> Task prompt: Begin at the line containing "Lemma sum_pair_const (A" in the data below and go on through the line containing "is_davenport (G * 'I_n.+1)%type", repeating each line exactly; include both ends and no other line.

> Records contained in a dataset:
(* Let $G$ be a finite abelian group and let $n \in \mathbb{N}$. Let \[m= \max \{ \lfloor \lfloor \mathsf{D}(G\oplus C_n)/n \rfloor n/2 \rfloor,\ \lfloor \mathsf{D}(G)/n \rfloor n \}.\] Then $\mathsf{s}_{\le m} ( G )\le \mathsf{D} ( G \oplus C_n )$.
   Context: A sequence over a finite abelian group $H$ is a finite unordered list of elements of $H$ with repetitions; zero-sum means its terms sum to $0$. $\mathsf{D}(H)$ (the Davenport constant) is the smallest $\ell$ such that every sequence over $H$ of length at least $\ell$ has a non-empty zero-sum subsequence. For $m\in\mathbb{N}$, $\mathsf{s}_{\le m}(H)\in\mathbb{N}\cup\{\infty\}$ is the smallest $\ell$ such that every sequence over $H$ of length at least $\ell$ has a non-empty zero-sum subsequence of length at most $m$. $C_n$ is a cyclic group of order $n$. *)

From HB Require Import structures.
From mathcomp Require Import all_boot all_algebra.
Set Implicit Arguments. Unset Strict Implicit. Unset Printing Implicit Defensive.
Import GRing.Theory.
Local Open Scope ring_scope.

(* Sequences over an additive abelian group H are represented by [seq H];
   "unordered" is harmless since the notions below are permutation invariant.
   A subsequence (sub-multiset) of s is any t with [subseq t s]. *)

Definition has_zs_sub_le (H : zmodType) (m : nat) (s : seq H) : Prop :=
  exists t : seq H, [/\ subseq t s, (0 < size t)%N, (size t <= m)%N
                      & \sum_(x <- t) x = 0].

Definition has_zs_sub (H : zmodType) (s : seq H) : Prop :=
  exists t : seq H, [/\ subseq t s, (0 < size t)%N & \sum_(x <- t) x = 0].

Definition is_least (P : nat -> Prop) (l : nat) : Prop :=
  P l /\ forall k, P k -> (l <= k)%N.

Definition is_davenport (H : zmodType) (d : nat) : Prop :=
  is_least (fun l => forall s : seq H, (l <= size s)%N -> has_zs_sub s) d.

(* l = s_{<= m}(H), when this is finite; s_{<= m}(H) = oo iff no such l *)
Definition is_s_le (H : zmodType) (m l : nat) : Prop :=
  is_least (fun l => forall s : seq H, (l <= size s)%N -> has_zs_sub_le m s) l.

From mathcomp Require Import all_boot all_algebra.
From Stdlib Require Import Classical.
Set Implicit Arguments. Unset Strict Implicit. Unset Printing Implicit Defensive.
Import GRing.Theory.
Local Open Scope ring_scope.

(* Lift a sequence S over G with |S| >= D(G + C_n) to G + C_n by pairing every
   term with the generator of C_n.  A non-empty zero-sum subsequence of the
   lift is a zero-sum subsequence T of S whose length is a multiple of n and at
   most D(G + C_n), hence at most floor(D(G + C_n)/n) n.  If T is a minimal
   zero-sum sequence, then |T| <= D(G) and so |T| <= floor(D(G)/n) n; otherwise
   T splits into two non-empty zero-sum parts, the shorter of length at most
   |T|/2. *)

Lemma is_least_exists (P : nat -> Prop) (k : nat) : P k -> exists l, is_least P l.
Proof.
elim: k {-2}k (leqnn k) => [|K IH] k le_kK Pk.
  by exists k; split=> // j _; move: le_kK; rewrite leqn0 => /eqP->.
case: (classic (exists j, (j < k)%N /\ P j)) => [[j [lt_jk Pj]]|no_smaller].
  by apply: (IH j) => //; rewrite -ltnS; apply: leq_trans lt_jk le_kK.
exists k; split=> // j Pj; rewrite leqNgt; apply/negP => lt_jk.
by apply: no_smaller; exists j.
Qed.

Lemma is_s_le_exists (H : zmodType) (m k : nat) :
    (forall s : seq H, (k <= size s)%N -> has_zs_sub_le m s) ->
  exists l, is_s_le H m l /\ (l <= k)%N.
Proof.
move=> Pk; have [l [Pl l_min]] := @is_least_exists (fun l =>
  forall s : seq H, (l <= size s)%N -> has_zs_sub_le m s) k Pk.
by exists l; split; [split | apply: l_min].
Qed.

Lemma subseq_complement (T : eqType) (u s : seq T) :
  subseq u s -> exists2 v, subseq v s & perm_eq s (u ++ v).
Proof.
case/perm_to_subseq=> w s_uw.
have /count_subseqP[v sub_vs w_v] : forall x, (count_mem x w <= count_mem x s)%N.
  by move=> x; rewrite (permP s_uw) count_cat leq_addl.
by exists v => //; apply: perm_trans s_uw _; rewrite perm_cat2l.
Qed.

Lemma zero_sum_split (A : zmodType) (u s : seq A) :
    subseq u s -> \sum_(x <- s) x = 0 -> \sum_(x <- u) x = 0 ->
  exists2 v, subseq v s &
    [/\ (size u + size v)%N = size s & \sum_(x <- v) x = 0].
Proof.
move=> /subseq_complement[v sub_vs s_uv] sum_s sum_u; exists v => //; split.
  by rewrite (perm_size s_uv) size_cat.
by move: sum_s; rewrite (perm_big _ s_uv) big_cat /= sum_u add0r.
Qed.

Lemma sum_pair_const (A B : zmodType) (b : B) (t : seq A) :
  \sum_(x <- [seq (a, b) | a <- t]) x = (\sum_(a <- t) a, b *+ size t).
Proof.
elim: t => [|a t IH]; first by rewrite !big_nil.
by rewrite /= !big_cons IH mulrS.
Qed.

Lemma Zp1_mulrn_eq0 (n k : nat) : (Zp1 *+ k == 0 :> 'I_n.+1) = (n.+1 %| k)%N.
Proof. by rewrite -val_eqE Zp_mulrn /= modnMml mul1n. Qed.

Lemma leq_trunc_mult (n k d : nat) :
  (n %| k)%N -> (k <= d)%N -> (k <= d %/ n * n)%N.
Proof. by move=> /divnK def_k le_kd; rewrite -def_k leq_mul2r leq_div2r ?orbT. Qed.

Section ZeroSumSubsequences.

Variable G : zmodType.

Lemma zero_sum_subseq_dvd (n d : nat) (s : seq G) :
    is_davenport (G * 'I_n.+1)%type d -> (d <= size s)%N ->
  exists t, [/\ subseq t s, (0 < size t)%N, (size t <= d)%N, (n.+1 %| size t)%N
              & \sum_(x <- t) x = 0].
Proof.
move=> [Dd _] le_ds.
have size_lift : (d <= size [seq (g, Zp1 : 'I_n.+1) | g <- take d s])%N.
  by rewrite size_map size_take_min leq_min leqnn.
have [_ [/subseqP[mk _ ->] lift_gt0 lift_sum0]] := Dd _ size_lift.
rewrite -map_mask size_map in lift_gt0 lift_sum0 *.
rewrite sum_pair_const in lift_sum0; case: lift_sum0 => sum0 /eqP.
rewrite Zp1_mulrn_eq0 => dvd_t.
exists (mask mk (take d s)); split=> //.
- exact: subseq_trans (mask_subseq _ _) (take_subseq _ _).
- by apply: leq_trans (size_subseq (mask_subseq _ _)) _; rewrite size_take_min geq_minl.
Qed.

Lemma has_zs_sub_le_subseq (m : nat) (t s : seq G) :
  subseq t s -> has_zs_sub_le m t -> has_zs_sub_le m s.
Proof.
by move=> sub_ts [u [sub_ut ? ? ?]]; exists u; split=> //; apply: subseq_trans sub_ts.
Qed.

Lemma has_zs_sub_le_split (t u : seq G) :
    subseq u t -> (0 < size u)%N -> (size u < size t)%N ->
    \sum_(x <- t) x = 0 -> \sum_(x <- u) x = 0 ->
  has_zs_sub_le (size t %/ 2) t.
Proof.
move=> sub_ut u_gt0 lt_ut sum_t sum_u.
have [v sub_vt [size_uv sum_v]] := zero_sum_split sub_ut sum_t sum_u.
have half_le (w : seq G) : (2 * size w <= size t)%N -> (size w <= size t %/ 2)%N.
  by rewrite leq_divRL // mulnC.
have [le_uv|lt_vu] := leqP (size u) (size v).
  exists u; split=> //; apply: half_le; rewrite mul2n -addnn -size_uv leq_add2l //.
exists v; split=> //.
- by rewrite -(ltn_add2l (size u)) size_uv addn0.
- by apply: half_le; rewrite mul2n -addnn -size_uv leq_add2r ltnW.
Qed.

Lemma minimal_zero_sum_size (dG : nat) (t : seq G) :
    is_davenport G dG -> (0 < size t)%N ->
    ~ (exists u, [/\ subseq u t, (0 < size u)%N, (size u < size t)%N
                   & \sum_(x <- u) x = 0]) ->
  (size t <= dG)%N.
Proof.
move=> [DdG _] t_gt0 t_minimal; rewrite leqNgt; apply/negP => lt_dG_t.
have /DdG[u [sub_u u_gt0 sum_u]] : (dG <= size (behead t))%N.
  by rewrite size_behead -ltnS prednK.
apply: t_minimal; exists u; split=> //.
  by apply: subseq_trans sub_u _; case: (t) => //= x r; apply: subseq_cons.
by apply: leq_ltn_trans (size_subseq sub_u) _; rewrite size_behead prednK.
Qed.

Lemma zero_sum_halve_or_minimal (dG : nat) (t : seq G) :
    is_davenport G dG -> (0 < size t)%N -> \sum_(x <- t) x = 0 ->
  has_zs_sub_le (size t %/ 2) t \/ (size t <= dG)%N.
Proof.
move=> DdG t_gt0 sum_t.
case: (classic (exists u, [/\ subseq u t, (0 < size u)%N, (size u < size t)%N
                            & \sum_(x <- u) x = 0])).
  by case=> u [sub_ut u_gt0 lt_ut sum_u]; left; apply: has_zs_sub_le_split sum_u.
by move/(minimal_zero_sum_size DdG t_gt0); right.
Qed.

End ZeroSumSubsequences.

Theorem lemma3p4 (G : finZmodType) (n : nat) (hn : (0 < n)%N)
    (dG dGn : nat)
    (hdG : is_davenport G dG)
    (hdGn : is_davenport (G * 'I_(n.-1.+1))%type dGn) :
  let m := maxn ((dGn %/ n * n) %/ 2) (dG %/ n * n) in
  exists s : nat, is_s_le G m s /\ (s <= dGn)%N.
Proof.
move=> m; apply: is_s_le_exists => s le_dGn_s.
have [t [sub_ts t_gt0 le_t_dGn]] := zero_sum_subseq_dvd hdGn le_dGn_s.
rewrite prednK // => dvd_t sum_t.
have le_t_trunc := leq_trunc_mult dvd_t le_t_dGn.
apply: has_zs_sub_le_subseq sub_ts _.
case: (zero_sum_halve_or_minimal hdG t_gt0 sum_t) => [[w [sub_wt w_gt0 le_w sum_w]]|le_t_dG].
  exists w; split=> //; apply: leq_trans le_w (leq_trans _ (leq_maxl _ _)).
  exact: leq_div2r le_t_trunc.
exists t; split=> //; apply: leq_trans (leq_maxr _ _).
exact: leq_trunc_mult dvd_t le_t_dG.
Qed.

> Output for this task:
Lemma sum_pair_const (A B : zmodType) (b : B) (t : seq A) :
  \sum_(x <- [seq (a, b) | a <- t]) x = (\sum_(a <- t) a, b *+ size t).
Proof.
elim: t => [|a t IH]; first by rewrite !big_nil.
by rewrite /= !big_cons IH mulrS.
Qed.

Lemma Zp1_mulrn_eq0 (n k : nat) : (Zp1 *+ k == 0 :> 'I_n.+1) = (n.+1 %| k)%N.
Proof. by rewrite -val_eqE Zp_mulrn /= modnMml mul1n. Qed.

Lemma leq_trunc_mult (n k d : nat) :
  (n %| k)%N -> (k <= d)%N -> (k <= d %/ n * n)%N.
Proof. by move=> /divnK def_k le_kd; rewrite -def_k leq_mul2r leq_div2r ?orbT. Qed.

Section ZeroSumSubsequences.

Variable G : zmodType.

Lemma zero_sum_subseq_dvd (n d : nat) (s : seq G) :
    is_davenport (G * 'I_n.+1)%type d -> (d <= size s)%N ->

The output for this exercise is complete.